Cerqueda-García and Falcón (2016) applied the aggregated approach to study the metabolism of communities in microbial mats and microbialites (living carbonate rock structures similar to corals and stromatolites). Starting with metagenomic datasets, they reconstructed a metabolic network, and then used EMA to identify feasible pathways through this network for C and N assimilation. They identified a number of alternative CO₂ fixation pathways, which were not identified for these systems previously.

Strengths

• The FBA approach can directly utilize molecular data, genomics, transcriptomics, proteomics and metabolomics, from pure laboratory cultures and the environment (e.g., metagenomics) as long as annotations are available, which is increasingly the case.

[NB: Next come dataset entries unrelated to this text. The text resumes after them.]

Lemma sigmaIV_is_linear : linear sigmaIV.
Proof. rewrite /sigmaIV unlock; exact: lin_is_linear. Qed.
HB.instance Definition _ :=
  GRing.isLinear.Build rat AIV (QA (seq nat)) *:%R sigmaIV sigmaIV_is_linear.

Lemma sigmaIVU x : sigmaIV << x >> = sigma_plus_ext x.
Proof. by rewrite /sigmaIV unlock linU. Qed.

Lemma sigma_plus_extE a w :
  sigma_plus_ext (Some (a, w)) = catl (sigma_plus_letter a) << w >>.
Proof. by case: a => [|n] /=; rewrite ?linearDl /= !catlU !preU. Qed.

Lemma sigmaIV_preIV a M : sigmaIV (preIV a M) = catl (sigma_plus_letter a) M.
Proof.
move: M; apply: linear_malg_ext => [c p q|c p q|w] /=; rewrite ?linearP ?linearPr //.
by rewrite [preIV _ _]linU sigmaIVU sigma_plus_extE.
Qed.

Lemma sigma_plus_letter_bracket a b :
  lin sigma_plus_letter (bracket brI a b) =
  bilin (bracket brN) (sigma_plus_letter a) (sigma_plus_letter b).
Proof.
case: a b => [|k] [|l]; rewrite !bracketIE ?linearB ?linearD /= !linU;
  rewrite ?(linearDl, linearDr) /= !bilinU;
  by rewrite !bracketN ?addrK ?addnS ?addSn ?add0n ?addn0.
Qed.

Lemma sigmaIV_lin_preIV P M :
  sigmaIV (lin (preIV ^~ M) P) = catl (lin sigma_plus_letter P) M.
Proof.
move: P; apply: linear_malg_ext => [c p q|c p q|a] /=; rewrite ?linearP ?linearPl //.
by rewrite !linU sigmaIV_preIV.
Qed.

(* The mixed theta/z cases of [stIV_basis] are written with swapped factors,
   whence the use of the commutativity of stuffleC. *)
Lemma stIV_basisE a u b v :
  stIV_basis (Some (a, u)) (Some (b, v)) =
  preIV a (stuffleC << u >> (sigma_plus_ext (Some (b, v))))
  + preIV b (stuffleC (sigma_plus_ext (Some (a, u))) << v >>)
  + lin (preIV ^~ (stuffleC << u >> << v >>)) (bracket brI a b).
Proof.
case: a b => [|k] [|l]; cbn [stIV_basis];
  rewrite !bracketIE ?linearB ?linearD /= !linU; [by [] | | by [] | by []].
rewrite (stuffleC_comm << v >> << 1%N :: u >>) (stuffleC_comm _ << u >>).
by rewrite (stuffleC_comm << v >> << u >>) [X in X + _ = _]addrC.
Qed.

Lemma sigmaIV_stIV x y :
  sigmaIV (stIV_basis x y) = st brN (sigma_plus_ext x) (sigma_plus_ext y).
Proof.
case: x => [[a u]|]; last by rewrite st1l sigmaIVU.
case: y => [[b v]|]; last by case: a => *; rewrite st1r sigmaIVU.
rewrite stIV_basisE !sigma_plus_extE !linearD /= /stuffleC -stE.
rewrite st_catl -sigma_plus_letter_bracket.
by do 2?apply: (congr2 +%R); rewrite ?sigmaIV_preIV ?sigmaIV_lin_preIV.
Qed.

Lemma sigmaIV_morph : {morph sigmaIV : p q / stuffleIV p q >-> stuffleC p q}.
Proof. rewrite /stuffleC -stE; exact: bilin_morph sigmaIVU sigmaIV_stIV. Qed.

Lemma mcoeff_sigma_plus_ext x m w :
  (sigma_plus_ext x)@_(m :: w) =
  (m == 1)%N%:R * (x == Some (thetaI, w))%:R + (x == Some (zS m, w))%:R
  + (0 < m)%N%:R * (x == Some (zS m.-1, w))%:R.
Proof.
case: x => [[[|n] u]|] /=; rewrite ?mcoeffD !mcoeffU ?mulr0 ?addr0 ?add0r -?natrM //.
  by rewrite eqseq_cons eq_sym mulnb.
by case: m => [|m]; rewrite !eqseq_cons ?mul0n ?mul1n ?addr0 ?eqSS /= ?add0r // addrC.
Qed.

Lemma mcoeff_sigmaIV p m w :
  (sigmaIV p)@_(m :: w) =
  (m == 1)%N%:R * p@_(Some (thetaI, w)) + p@_(Some (zS m, w))
  + (0 < m)%N%:R * p@_(Some (zS m.-1, w)).
Proof.
rewrite /sigmaIV unlock mcoeff_lin.
under eq_bigr => x _ do
  rewrite mcoeff_sigma_plus_ext !mulrDr mulrCA [p@_x * (_ * _)]mulrCA.
by rewrite !big_split /= -!mulr_sumr !sum_mcoeff_delta.
Qed.

Lemma mcoeff_sigmaIV_nil p : (sigmaIV p)@_[::] = p@_None.
Proof.
rewrite /sigmaIV unlock mcoeff_lin -sum_mcoeff_delta; apply: eq_bigr => x _.
by case: x => [[[|n] u]|]; rewrite /= ?mcoeffD !mcoeffU.
Qed.

Lemma sigmaIV_inj : injective sigmaIV.
Proof.
apply: raddf_inj => p p0.
have coef0 m w : (m == 1)%N%:R * p@_(Some (thetaI, w)) + p@_(Some (zS m, w))
    + (0 < m)%N%:R * p@_(Some (zS m.-1, w)) = 0.
  by rewrite -mcoeff_sigmaIV p0 mcoeff0.
have z0 w : p@_(Some (zS 0, w)) = 0.
  by have := coef0 0%N w; rewrite !mul0r add0r addr0.
have zS_eq0 w n : p@_(Some (zS n.+1, w)) = 0.
  pose g k : option (letI * seq nat) := Some (zS k.+1, w).
  have gK : cancel g (fun x => if x is Some (zS k, _) then k.-1 else 0%N) by [].
  apply: (mcoeff_chain_eq0 gK) => k gk0.
  by have := coef0 k.+2 w; rewrite mul0r add0r mul1r gk0 add0r.
have t0 w : p@_(Some (thetaI, w)) = 0.
  by have := coef0 1%N w; rewrite mul1r zS_eq0 z0 mulr0 !addr0.
apply/malgP => -[[[|[|n]] w]|]; rewrite mcoeff0 //.
by rewrite -mcoeff_sigmaIV_nil p0 mcoeff0.
Qed.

• The approach is comprehensive in terms of functions and metabolites. This is likely to be increasingly useful, as recent observations from a number of environments suggest that bacteria have a high substrate specificity (Kindaichi et al., 2013; Salcher et al., 2013). For example, when a freshwater community was presented with 14 radiolabeled low-molecular weight (LMW) organic substrates, the two most abundant microbes belonging to the Actinobacteria ac1 and Alphaproteobacteria LD12 tribes had no overlap in their substrate acquisition spectra. The concept of dissolved organic carbon (DOC) as a common currency for heterotrophic microbes is too simplistic. One of the main applications of FBA has been to understand complex substrate uptake patterns.

Weaknesses

• The directly linked and aggregated approaches assume the system to be in a steady-state. The environmentally coupled approach also assumes steady-state flux distributions during each time step, but flux distributions can change from time to time. For many cases this assumption will be sensible, but for others not. For example, planktonic bacteria experience a very heterogeneous nutrient regime and may experience nutrient patches with short durations (~60 s, Taylor and Stocker, 2012), comparable to the time required for gene expression, protein translation and maturation. Genome-scale models are being developed that go beyond steady-state metabolite fluxes (e.g., include dynamic transcript, protein and metabolite pools, Karr et al., 2012) and this technology will eventually be applied at the ecosystem scale.

• It is not always clear what objective function should be used to optimize the flux distribution (Schuster et al., 2008). Maximization of biomass production seems like a good choice from a biotechnological perspective. However, there are cases where it is advantageous to divert production away from biomass, including to storage products, toxins or EPS (Merino et al., 2015), which may conflict with the biomass objective. Moreover, in a well-mixed, stable environment, specific growth rate will likely be maximized by natural selection while in a spatially structured environment such as a biofilm, the biomass yield is likely to be maximized by natural selection (Kreft, 2004).

• The approach typically entails specifying a biomass composition, and commonly this is applied across different conditions. However, the biomass composition is known to change (Benyamini et al., 2010).

• Growth dilution of metabolites, other than the ones used in the growth equation (see above), is typically ignored (Benyamini et al., 2010). Specifically, there should be a “–μ x” on the right-hand side of Equation B1.1. Accounting for growth dilution is conceptually straightforward but it requires specifying the metabolite concentrations, which are not typically available at the genome scale. Metabolomics data can help to fill this gap, but this would be difficult for all metabolites, times and locations in the model and impossible for prediction simulations. Another hurdle is the computational cost. The metabolite dilution FBA (MD-FBA) model of Benyamini et al. (2010) uses mixed-integer linear programming (MILP, vs. LP used by FBA), which is computationally more demanding than LP. This limitation may be especially important for applications that require solutions for multiple species, times and locations.

• The approach does not account for individual heterogeneity (see Part 2).